> _Saved data entries_:
★ ★ ★ ★ ★ ★ ★

(* Let $\Omega\subseteq\mathbb{R}^d$ be a nonempty open convex set and let $F:\Omega\to\mathbb{R}$ be a function of Legendre type, with Bregman divergence $D_F$. Then for every $q\in\Omega$ and every $r\ge 0$, both the primal Bregman ball $B_F(q;r)=\{y\in\Omega: D_F(q\|y)\le r\}$ and the dual Bregman ball $B'_F(q;r)=\{y\in\Omega: D_F(y\|q)\le r\}$ are connected subsets of $\mathbb{R}^d$.
   Context: A function $F:\Omega\to\mathbb{R}$ on a nonempty open convex set $\Omega\subseteq\mathbb{R}^d$ is of Legendre type if (I) it is differentiable, (II) it is strictly convex, and (III) if the boundary $\partial\Omega$ is nonempty, then $\|\nabla F(x)\|\to\infty$ as $x\to\partial\Omega$. The Bregman divergence generated by $F$ is $D_F:\Omega\times\Omega\to\mathbb{R}$, $D_F(x\|y)=F(x)-F(y)-\langle\nabla F(y),x-y\rangle$. *)

From HB Require Import structures.
From mathcomp Require Import all_boot all_order all_algebra.
From mathcomp Require Import all_classical all_reals all_analysis.
Set Implicit Arguments. Unset Strict Implicit. Unset Printing Implicit Defensive.
Import Order.TTheory GRing.Theory Num.Theory.
Import numFieldNormedType.Exports.
Local Open Scope classical_set_scope.
Local Open Scope ring_scope.

Definition dotv (R : realType) (d : nat) (u v : 'rV[R]_d) : R :=
  \sum_(i < d) u 0 i * v 0 i.

Definition grad (R : realType) (d : nat) (F : 'rV[R]_d -> R) (x : 'rV[R]_d)
  : 'rV[R]_d := \row_(i < d) ('d F x (delta_mx 0 i : 'rV[R]_d)).

(* F : Omega -> R (values of F outside Omega are irrelevant) is of Legendre type *)
Definition legendre_type (R : realType) (d : nat) (Omega : set 'rV[R]_d)
  (F : 'rV[R]_d -> R) : Prop :=
  (forall x, Omega x -> differentiable F x) /\
  (forall x y (t : R), Omega x -> Omega y -> x != y -> 0 < t < 1 ->
     F (t *: x + (1 - t) *: y) < t * F x + (1 - t) * F y) /\
  (forall b, closure Omega b -> ~ Omega b ->
     forall M : R, \forall x \near b, Omega x -> M < `|grad F x|).

Definition bregman (R : realType) (d : nat) (F : 'rV[R]_d -> R) (x y : 'rV[R]_d) : R :=
  F x - F y - dotv (grad F y) (x - y).

Definition primal_ball (R : realType) (d : nat) (Omega : set 'rV[R]_d)
  (F : 'rV[R]_d -> R) (q : 'rV[R]_d) (r : R) : set 'rV[R]_d :=
  [set y | Omega y /\ bregman F q y <= r].

Definition dual_ball (R : realType) (d : nat) (Omega : set 'rV[R]_d)
  (F : 'rV[R]_d -> R) (q : 'rV[R]_d) (r : R) : set 'rV[R]_d :=
  [set y | Omega y /\ bregman F y q <= r].

(** Both balls are star-shaped around their centre [q], hence connected.
    For the dual ball, [y |-> D_F(y || q)] is convex and vanishes at [q], so
    it grows at most linearly along each segment from [q].  For the primal
    ball, along the ray [b = q + l (a - q)] one has
    [D_F(q || b) = F q - F b + l <grad F b, a - q>]; convexity gives
    [F a - F b <= (1 - l) <grad F a, a - q>] and monotonicity of the gradient
    gives [<grad F b, a - q> <= <grad F a, a - q>], so [D_F(q || b)] is
    nondecreasing in [l].  Only (weak) convexity and differentiability of [F]
    are used. *)
From HB Require Import structures.
From mathcomp Require Import all_boot all_order all_algebra.
From mathcomp Require Import all_classical all_reals all_analysis.
From mathcomp Require Import lra.
Import Order.TTheory GRing.Theory Num.Theory.
Import numFieldNormedType.Exports.
Local Open Scope classical_set_scope.
Local Open Scope ring_scope.

Lemma strictly_convex_convex_function {R : realFieldType} {V : lmodType R}
    {D : set V} {f : V -> R} :
  (forall x y (t : R), D x -> D y -> x != y -> 0 < t < 1 ->
     f (t *: x + (1 - t) *: y) < t * f x + (1 - t) * f y) ->
  convex_function D f.
Proof.
move=> sc t x y /set_mem Dx /set_mem Dy.
suff cvx_s : forall s : R, 0 <= s <= 1 ->
    f (s *: x + (1 - s) *: y) <= s * f x + (1 - s) * f y.
  by apply: cvx_s; rewrite ge0 le1.
move=> s /andP[s0 s1].
have [->|sn0] := eqVneq s 0.
  by rewrite scale0r add0r subr0 scale1r mul0r add0r mul1r.
have [->|sn1] := eqVneq s 1.
  by rewrite subrr scale0r addr0 scale1r mul0r addr0 mul1r.
have [<-|xy] := eqVneq x y.
  by rewrite -scalerDl -mulrDl addrC subrK scale1r mul1r.
by apply/ltW/sc; rewrite // !lt_neqAle eq_sym sn0 sn1 s0 s1.
Qed.

Lemma convex_set_ray {R : realFieldType} {V : lmodType R} {A : set V} {q a : V}
    {l : R} :
  convex_set A -> A q -> A a -> 0 <= l <= 1 -> A (q + l *: (a - q)).
Proof.
move=> cA Aq Aa /andP[l0 l1].
have -> : q + l *: (a - q) = l *: a + (1 - l) *: q.
  by rewrite scalerBr scalerBl scale1r addrCA addrA.
exact/set_mem/(cA a q (Itv01 l0 l1) (mem_set Aa) (mem_set Aq)).
Qed.

Lemma convex_functionP {R : realFieldType} {V : lmodType R} {D : set V}
    {f : V -> R} {x y : V} {t : R} :
  convex_function D f -> D x -> D y -> 0 <= t <= 1 ->
  f (t *: x + (1 - t) *: y) <= t * f x + (1 - t) * f y.
Proof.
by move=> cf Dx Dy /andP[t0 t1]; exact: cf (Itv01 t0 t1) x y (mem_set Dx) (mem_set Dy).
Qed.

Lemma star_shaped_connected {R : realType} {V : normedModType R} {A : set V}
    (q : V) :
  A q -> (forall a l, A a -> 0 <= l <= 1 -> A (q + l *: (a - q))) ->
  connected A.
Proof.
move=> Aq starA.
pose seg a := (fun t : R => q + t *: (a - q)) @` `[0, 1].
have -> : A = \bigcup_(a in A) seg a.
  apply/seteqP; split=> [a Aa|x [a Aa [t /= t01 <-]]]; last first.
    by apply: starA; rewrite // -in_itv.
  exists a => //; exists 1; first by rewrite /= in_itv /= lexx ler01.
  by rewrite scale1r addrC subrK.
apply: bigcup_connected.
  exists q => a _; exists 0; first by rewrite /= in_itv /= lexx ler01.
  by rewrite scale0r addr0.
move=> a _; apply: connected_continuous_connected; first exact: segment_connected.
apply: continuous_subspaceT => t.
by apply: cvgD; [exact: cvg_cst | apply: cvgZr_tmp; exact: cvg_id].
Qed.

Lemma diff_scaler {R : realType} {V : normedModType R} (F : V -> R) x k v :
  'd F x (k *: v) = k * 'd F x v.
Proof. exact: linearZ. Qed.

Section ConvexDifferential.
Context {R : realType} {V : normedModType R} {D : set V} {F : V -> R}.
Hypothesis cvxF : convex_function D F.

Lemma convex_diff_le {x y} :
  D x -> D y -> differentiable F x -> 'd F x (y - x) <= F y - F x.
Proof.
move=> Dx Dy dFx; rewrite -deriveE //.
have dF : derivable F x (y - x) by exact: diff_derivable.
have /cvgr_to_le := cvg_dnbhs_at_right dF; apply.
near=> h.
have h0 : 0 < h by near: h; exact: nbhs_right_gt.
have h1 : h < 1 by near: h; exact: nbhs_right_lt.
have /(convex_functionP cvxF Dy Dx) : 0 <= h <= 1 by rewrite !ltW.
rewrite /= /shift /=.
have -> : h *: (y - x) + x = h *: y + (1 - h) *: x.
  by rewrite scalerBr scalerBl scale1r addrA addrAC.
by rewrite ler_pdivrMl // => ?; lra.
Unshelve. all: by end_near. Qed.

Lemma convex_diff_monotone {x y} :
  D x -> D y -> differentiable F x -> differentiable F y ->
  'd F x (y - x) <= 'd F y (y - x).
Proof.
move=> Dx Dy dFx dFy.
have := convex_diff_le Dx Dy dFx; have := convex_diff_le Dy Dx dFy.
by rewrite -opprB linearN /=; lra.
Qed.

Lemma convex_diff_monotone_ray {x u t} :
  D x -> D (x + t *: u) -> 0 < t ->
  differentiable F x -> differentiable F (x + t *: u) ->
  'd F x u <= 'd F (x + t *: u) u.
Proof.
move=> Dx Dy t0 dFx dFy.
have := convex_diff_monotone Dx Dy dFx dFy.
by rewrite addrAC subrr add0r (diff_scaler F x) (diff_scaler F (x + t *: u)) ler_pM2l.
Qed.

Definition diff_bregman (F : V -> R) (x y : V) : R := F x - F y - 'd F y (x - y).

Lemma diff_bregmanxx x : diff_bregman F x x = 0.
Proof. by rewrite /diff_bregman !subrr linear0 subr0. Qed.

Lemma diff_bregman_dual_ray_le {q a l} :
  D q -> D a -> 0 <= l <= 1 ->
  diff_bregman F (q + l *: (a - q)) q <= l * diff_bregman F a q.
Proof.
move=> Dq Da l01; rewrite /diff_bregman [q + _ - q]addrC addKr diff_scaler.
have := convex_functionP cvxF Da Dq l01.
have -> : l *: a + (1 - l) *: q = q + l *: (a - q).
  by rewrite scalerBr scalerBl scale1r addrCA addrA.
by lra.
Qed.

Hypothesis cvxD : convex_set D.

Lemma diff_bregman_dual_ball_connected q r :
  D q -> 0 <= r -> connected [set y | D y /\ diff_bregman F y q <= r].
Proof.
move=> Dq r0; apply: (star_shaped_connected q) => [|a l [Da Dr] l01].
  by split; rewrite // diff_bregmanxx.
split; first exact: convex_set_ray.
apply: le_trans (diff_bregman_dual_ray_le Dq Da l01) _.
case/andP: l01 => l0 l1; apply: le_trans (ler_wpM2l l0 Dr) _.
by rewrite ler_piMl.
Qed.

Hypothesis difF : forall x, D x -> differentiable F x.

Lemma diff_bregman_primal_ray_le {q a l} :
  D q -> D a -> 0 <= l <= 1 ->
  diff_bregman F q (q + l *: (a - q)) <= diff_bregman F q a.
Proof.
move=> Dq Da l01; have Db := convex_set_ray cvxD Dq Da l01.
have [->|l_neq1] := eqVneq l 1; first by rewrite scale1r addrC subrK.
have l_lt1 : 0 < 1 - l.
  by move: l01 => /andP[_]; rewrite subr_gt0 lt_neqAle l_neq1.
set b := q + l *: (a - q) in Db *.
have eab : b + (1 - l) *: (a - q) = a.
  by rewrite /b -addrA -scalerDl addrCA subrr addr0 scale1r addrC subrK.
have := @convex_diff_monotone_ray b (a - q) (1 - l); rewrite eab.
move=> /(_ Db Da l_lt1 (difF _ Db) (difF _ Da)) mono.
have eba : b - a = - ((1 - l) *: (a - q)).
  by rewrite -[in LHS]eab opprD addNKr.
have := convex_diff_le Da Db (difF _ Da).
rewrite eba linearN diff_scaler => cvx.
have eqb : q - b = - (l *: (a - q)) by rewrite /b opprD addNKr.
rewrite /diff_bregman eqb -opprB !linearN diff_scaler.
have : l * 'd F b (a - q) <= l * 'd F a (a - q).
  by rewrite ler_wpM2l //; case/andP: l01.
by lra.
Qed.

Lemma diff_bregman_primal_ball_connected q r :
  D q -> 0 <= r -> connected [set y | D y /\ diff_bregman F q y <= r].
Proof.
move=> Dq r0; apply: (star_shaped_connected q) => [|a l [Da Dr] l01].
  by split; rewrite // diff_bregmanxx.
split; first exact: convex_set_ray.
exact: le_trans (diff_bregman_primal_ray_le Dq Da l01) Dr.
Qed.

End ConvexDifferential.

Lemma bregman_diff (R : realType) (d : nat) (F : 'rV[R]_d -> R) :
  bregman F = diff_bregman F.
Proof.
apply/funext => x; apply/funext => y; rewrite /bregman /diff_bregman.
congr (_ - _); rewrite /dotv /grad {2}(row_sum_delta (x - y)) linear_sum.
by apply: eq_bigr => i _; rewrite mxE linearZ /= mulrC.
Qed.

Theorem lemma2 (R : realType) (d : nat) (Omega : set 'rV[R]_d)
  (F : 'rV[R]_d -> R) :
  Omega !=set0 -> open Omega -> convex_set Omega -> legendre_type Omega F ->
  forall (q : 'rV[R]_d) (r : R), Omega q -> 0 <= r ->
    connected (primal_ball Omega F q r) /\ connected (dual_ball Omega F q r).
Proof.
move=> _ _ cvxO [difF [strictF _]] q r Oq r0.
have cvxF := strictly_convex_convex_function strictF.
rewrite /primal_ball /dual_ball bregman_diff; split.
- exact: diff_bregman_primal_ball_connected.
- exact: diff_bregman_dual_ball_connected.
Qed.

★ ★ ★ ★ ★ ★ ★

> _Task to carry out_: Retype every line up to and including the one that contains "F x - F y - dotv (grad F y) (x - y).", beginning at the first line of the records, with no edits.

> _Output for this exercise_:
(* Let $\Omega\subseteq\mathbb{R}^d$ be a nonempty open convex set and let $F:\Omega\to\mathbb{R}$ be a function of Legendre type, with Bregman divergence $D_F$. Then for every $q\in\Omega$ and every $r\ge 0$, both the primal Bregman ball $B_F(q;r)=\{y\in\Omega: D_F(q\|y)\le r\}$ and the dual Bregman ball $B'_F(q;r)=\{y\in\Omega: D_F(y\|q)\le r\}$ are connected subsets of $\mathbb{R}^d$.
   Context: A function $F:\Omega\to\mathbb{R}$ on a nonempty open convex set $\Omega\subseteq\mathbb{R}^d$ is of Legendre type if (I) it is differentiable, (II) it is strictly convex, and (III) if the boundary $\partial\Omega$ is nonempty, then $\|\nabla F(x)\|\to\infty$ as $x\to\partial\Omega$. The Bregman divergence generated by $F$ is $D_F:\Omega\times\Omega\to\mathbb{R}$, $D_F(x\|y)=F(x)-F(y)-\langle\nabla F(y),x-y\rangle$. *)

From HB Require Import structures.
From mathcomp Require Import all_boot all_order all_algebra.
From mathcomp Require Import all_classical all_reals all_analysis.
Set Implicit Arguments. Unset Strict Implicit. Unset Printing Implicit Defensive.
Import Order.TTheory GRing.Theory Num.Theory.
Import numFieldNormedType.Exports.
Local Open Scope classical_set_scope.
Local Open Scope ring_scope.

Definition dotv (R : realType) (d : nat) (u v : 'rV[R]_d) : R :=
  \sum_(i < d) u 0 i * v 0 i.

Definition grad (R : realType) (d : nat) (F : 'rV[R]_d -> R) (x : 'rV[R]_d)
  : 'rV[R]_d := \row_(i < d) ('d F x (delta_mx 0 i : 'rV[R]_d)).

(* F : Omega -> R (values of F outside Omega are irrelevant) is of Legendre type *)
Definition legendre_type (R : realType) (d : nat) (Omega : set 'rV[R]_d)
  (F : 'rV[R]_d -> R) : Prop :=
  (forall x, Omega x -> differentiable F x) /\
  (forall x y (t : R), Omega x -> Omega y -> x != y -> 0 < t < 1 ->
     F (t *: x + (1 - t) *: y) < t * F x + (1 - t) * F y) /\
  (forall b, closure Omega b -> ~ Omega b ->
     forall M : R, \forall x \near b, Omega x -> M < `|grad F x|).

Definition bregman (R : realType) (d : nat) (F : 'rV[R]_d -> R) (x y : 'rV[R]_d) : R :=
  F x - F y - dotv (grad F y) (x - y).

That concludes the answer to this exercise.